If one drops a lump of ice into the saturated salt solution at this temperature the ice will disappear. One can explain this in a formal way by saying that water will evaporate from the ice and find itself at too high a vapour pressure to be in equilibrium with the nearby surface of the salt solution and will therefore recondense into the solution. This process will continue, if there is enough ice, until the salt solution has diluted itself until it is in equilibrium with about 96% RH, at which point the vapour pressure over the solution is the same as that over ice. In reality, the transfer of water from ice to solution occurs mostly at the interface between these two phases, rather than through the air, but the equilibrium is easiest explained by regarding the air above the mixture as a transit lounge for flying water molecules.
Depending on the temperature therefore, even a rather dilute salt solution will dissolve ice.
A saturated salt solution and pure ice have the same vapour pressure above them at about minus 21 degrees, so below that temperature it is unwise to cycle.
When waterlogged materials are put into a freezer the situation is different because there is now nearly pure water in the spaces within the material. This water will readily form ice as soon as the temperature drops below freezing. Within the paper fibres of a water saturated library book rescued from a flood for example, there is still bound water that does not freeze and it will exert a vapour pressure lower than that over supercooled water but greater than that over ice. At -5C, for example, the paper fibres will tend to dry to equilibrium at about 96% RH, with respect to supercooled water. The lost water will accumulate as ice crystals separate from the fibres. The paper is beginning to dry even though the RH in the freezer, as measured against ice, is 100%. As the temperature is further reduced, more water will come out of the fibres and condense onto the ice crystals that fill the larger spaces between the fibres. This ice will grow and expand, pushing apart the drying fibres.

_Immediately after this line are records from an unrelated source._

Definition holomorphic_on (R : realType) (n : nat) (U : set (Cn R n))
  (f : Cn R n -> (R[i])^o) : Prop :=
  open U /\ forall z, U z -> differentiable f z.

Definition cpartial (R : realType) (n : nat) (f : Cn R n -> (R[i])^o)
  (z : Cn R n) (j : 'I_n) : R[i] := 'D_('e_j) f z.

Definition grad_log_quot (R : realType) (n : nat) (f g : Cn R n -> (R[i])^o)
  (z : Cn R n) : Cn R n :=
  \row_j (cpartial f z j / f z - cpartial g z j / g z)^*.

Definition phi (R : realType) (n : nat) (f g : Cn R n -> (R[i])^o)
  (z : Cn R n) : (R[i])^o :=
  (f z / g z) / `|f z / g z|.

Definition is_rderiv (R : realType) (n : nat) (F : Cn R n -> (R[i])^o)
  (z v : Cn R n) (w : (R[i])^o) : Prop :=
  (fun t : R => (F (z + (t%:C)%C *: v) - F z) / (t%:C)%C) x @[x --> (0 : R)^'] --> w.

Definition tangent_sphere (R : realType) (n : nat) (z v : Cn R n) : Prop :=
  'Re (\sum_(j < n) v ord0 j * (z ord0 j)^*) = 0.

Definition tangent_circle (R : realType) (u w : R[i]) : Prop :=
  'Re (w * u^*) = 0.

Definition critical_point (R : realType) (n : nat) (f g : Cn R n -> (R[i])^o)
  (eps : R) (z : Cn R n) : Prop :=
  [/\ sphere eps z, f z != 0, g z != 0 &
   ~ (forall w : (R[i])^o, tangent_circle (phi f g z) w ->
        exists v : Cn R n, tangent_sphere z v /\ is_rderiv (phi f g) z v w)].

This phenomenon is a particular problem in freeze drying wood. When the wood is cooled below freezing, ice forms in the cell lumen, the empty space within the cell. More water comes out from the cell wall, which therefore shrinks at the same time as the ice lens in the lumen is expanding. This is definitely an undesirable situation. The process can be stopped, in theory, by impregnating the cell wall with a substance that further reduces the vapour pressure over the cellulose-water complex so that it does not lose water. Salt should do this. Suppose that the wood is first impregnated with a weak salt solution, so that ice begins to form in the lumen at about -5°C. Freezing out of pure water will cause the salt solution to concentrate so that the ions diffuse into the still unfrozen region within the cell wall. This will further reduce the vapour pressure in equilibrium with the cell wall so that it is always equal to that of ice. There is now no loss of water from the cell wall until the ice has been vapourised away in the freeze drying process. Dehydration of the cell wall is prevented, as long as the temperature is above about -22C. There are several other materials that perform the same function and are preferred for other reasons. Polyethylene glycol and sugar are two water soluble materials that have been used to prevent the untimely dehydration of wood before the ice has been removed from the lumen.
The physics of water in materials below freezing is not easy to understand. I thank many colleagues for helpful discussions and particularly Poul Jensen, Chief of the section for conservation of waterlogged wood in the National Museum, who suggested the topic.